This repository holds Python Notebook scripts to convert HSBC bank statements into CSV files. To generate a CSV file for your statements, simply put your e-bank statements into the statements
directory. You can find example templates of statements that have been used to test these scripts in the assets directory.
All statements that go into the statements
directory must follow the following naming convention:
YYYY-MM.pdf
Once all the script finishes running within a notebook, a statement.csv
file will be generated at root. Your statement information would also all be saved into a dataframe variable df
, which you can manipulate even after the run.
This script is currently only capable of converting statements that follow the single page converter template. While these statements can have multiple pages, this script will only look at transactions within the first page.
Slicing
Using pdfplumber
, text is extracted from the pdf on a line by line basis. This script will then slice the text starting from the first instance B/F BALANCE
is mentioned in a line until C/F BALANCE
is mentioned, as it was observed that all statements following this template begin and end with B/F BALANCE
and C/F BALANCE
.
Algorithm As mentioned, the text extracted is formatted on a line by line basis, with entries in the transactions table also organised by row.

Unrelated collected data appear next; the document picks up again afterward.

(* Let $R$ be a commutative ring with identity and $M$ a non-zero comultiplication $R$-module with $G'(M)$ non-null. (i) $G'(M)$ has a pendent vertex (a vertex with exactly one neighbour) if and only if $|\mathrm{Min}(M)|=2$ and $G'(M)$ is the disjoint union of two complete subgraphs $G'_1,G'_2$ with no edges between them such that $|V(G'_i)|=2$ for some $i\in\{1,2\}$. (ii) $G'(M)$ is not a star graph.
   Context: An $R$-module $M$ is a comultiplication module if for every submodule $N$ of $M$ there is an ideal $I$ of $R$ with $N=\mathrm{Ann}_M(I)$. A submodule $N$ of $M$ is large if $N\cap L\neq 0$ for every non-zero submodule $L$ of $M$. $\mathrm{Min}(M)$ is the set of minimal submodules of $M$. The large sum graph $G'(M)$ has as vertex set the set of all non-zero non-large submodules of $M$, and two distinct vertices $N,K$ are adjacent iff $N+K$ is non-large in $M$. A star graph is a complete bipartite graph $K_{1,n}$ (one part of size 1). *)

(* Equality of subsets is Leibniz equality. *)
From HB Require Import structures.
From mathcomp Require Import all_boot all_order all_algebra.
Set Implicit Arguments. Unset Strict Implicit. Unset Printing Implicit Defensive.
Import GRing.Theory.
Local Open Scope ring_scope.

Section ComultGraph.
Variables (R : comNzRingType) (M : lmodType R).

Definition is_submodule (N : M -> Prop) : Prop :=
  N 0 /\ (forall (a : R) (x y : M), N x -> N y -> N (a *: x + y)).

Definition is_ideal (I : R -> Prop) : Prop :=
  I 0 /\ (forall x y, I x -> I y -> I (x - y)) /\ (forall r x, I x -> I (r * x)).

Definition annM (I : R -> Prop) : M -> Prop := fun m => forall r, I r -> r *: m = 0.

Definition comultiplication_module : Prop :=
  forall N : M -> Prop, is_submodule N -> exists I, is_ideal I /\ N = annM I.

Definition nonzero_sub (N : M -> Prop) : Prop := exists x, N x /\ x <> 0.

Definition large (N : M -> Prop) : Prop :=
  forall L : M -> Prop, is_submodule L -> nonzero_sub L -> exists x, x <> 0 /\ N x /\ L x.

Definition subsum (N K : M -> Prop) : M -> Prop :=
  fun x => exists a b, N a /\ K b /\ x = a + b.

Definition vertex (N : M -> Prop) : Prop :=
  is_submodule N /\ nonzero_sub N /\ ~ large N.

Definition adj (N K : M -> Prop) : Prop :=
  vertex N /\ vertex K /\ N <> K /\ ~ large (subsum N K).

Definition non_null : Prop := exists N K, adj N K.

Definition minimal_sub (N : M -> Prop) : Prop :=
  is_submodule N /\ nonzero_sub N /\
  (forall L : M -> Prop, is_submodule L -> nonzero_sub L -> (forall x, L x -> N x) -> L = N).

Definition two_minimal : Prop :=
  exists N1 N2, N1 <> N2 /\ minimal_sub N1 /\ minimal_sub N2 /\
    (forall N, minimal_sub N -> N = N1 \/ N = N2).

Definition has_pendent_vertex : Prop :=
  exists v, vertex v /\ exists u, adj v u /\ (forall w, adj v w -> w = u).

Definition complete_on (A : (M -> Prop) -> Prop) : Prop :=
  forall N K, A N -> A K -> N <> K -> adj N K.

Definition has_exactly_two (A : (M -> Prop) -> Prop) : Prop :=
  exists N1 N2, N1 <> N2 /\ (forall N, A N <-> N = N1 \/ N = N2).

Definition two_complete_components : Prop :=
  exists A B : (M -> Prop) -> Prop,
    (forall N, vertex N <-> A N \/ B N) /\
    (forall N, ~ (A N /\ B N)) /\
    (exists N, A N) /\ (exists N, B N) /\
    complete_on A /\ complete_on B /\
    (forall N K, A N -> B K -> ~ adj N K) /\
    (has_exactly_two A \/ has_exactly_two B).

Definition star_graph : Prop :=
  exists c, vertex c /\ (forall N, vertex N -> N <> c -> adj c N) /\
    (forall N K, adj N K -> N = c \/ K = c).

End ComultGraph.

(* A non-large submodule N has a non-zero complement L with N ∩ L = 0, which is
   again a vertex.  In a star with centre c, the vertex c + L is then adjacent
   to L, giving an edge that avoids c.

   Of a pendent vertex and its only neighbour, one, S, is properly contained in
   the other, T, and the uniqueness of the neighbour makes S the only non-zero
   proper submodule of T and T the only non-large proper overmodule of S.  In a
   comultiplication module every x outside a submodule N is separated from N by
   a scalar annihilating N.  With this, the vertices other than S and T meet S
   trivially, so do their sums, which are therefore non-large: these vertices
   form a complete graph, with no edge to S or T.  The minimal submodules are S
   and a minimal submodule inside a complement of T (minimal submodules exist
   in every non-zero cyclic submodule, using a maximal ideal over Ann(x)); any
   other minimal submodule would meet one of these two non-trivially. *)
From HB Require Import structures.
From mathcomp Require Import all_boot all_order all_algebra.
From mathcomp Require Import ring classical_sets.
From Stdlib Require Import Classical.
Import GRing.Theory.
Set Implicit Arguments. Unset Strict Implicit. Unset Printing Implicit Defensive.
Local Open Scope ring_scope.
Local Open Scope classical_set_scope.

An entry can follow the following format:
| Date | Details | Amount (Withdraw/Deposit) | Balance |
It is observed that when multiple transactions are done on the same day, the row will not include a date and it will be the final transaction of that day that will hold the final balance, hence this algorithm holds the previous balance and takes into account rows below it before an entry is made into the statement_dict
.
This script is capable of converting statements that hold multiple pages, but following the structure of integrated statements, as shown in multi-page converter template.
Slicing
This script iterates through the different pages of the statement and then combines all of the text into a single variable. It is then sliced according to the first instance B/F BALANCE
is mentioned, as it was observed that the transaction table always starts with this line, until HKD Current
is mentioned or Total Relationship Balance
from the bottom.
The slicing also includes removing extra details from the footer and header of the page, including the mention of the date, page details, branch number, etc.. To do this, it looks for if there is a mention of the bank in the middle of the statement slice and looks for another mention of the Date, which is part of the header of the table on a new page.
Algorithm The text that is finally extracted and sliced follows the format of the Single Page Converter, with minor differences such as:
- The date is formatted as 'DD MMM', instead of 'DD-MMM', which needed to be adjusted so that the Single Page Converter date functions could be reused.
- Instead of putting the Deposit/Withdraw amount on the last line of the transaction entry, it was added at the beginning.
Due to point 2, it was then observed that each entry would always take 2 lines max if the entry details were too long, hence the algorithm had to be adjusted to add to statement_dict
first unless the next line had no date and extra transaction amounts. This differs from the Single Page Converter approach in the fact that this algorithm aims to add to the dict first and then check instead of check and then add.
Unable to differentiate between withdrawal
Currently, both Deposit and Withdrawal amounts are combined under the same column: Amount
, as there is currently no way for the current algorithm to differentiate between the two. This is due to the extraction process putting the values of a row all into one since the delineator between a deposit and withdraw is always a space, whereas a balance can always be identified as the last number next to another number or when the entry is the C/F BALANCE
.
Furthermore, since multi-day transactions only show the balance at the end of the day instead of it being recalculated after each transaction, simply comparing the final end of day balance to the amount deposited/withdrawn will not work. A more advanced algorithm needs to be created to allow for the calculation of which amounts are supposed to be added/subtracted to get to the final value.
This repository will be open to any contributions that could get these scripts to overcome this limitation.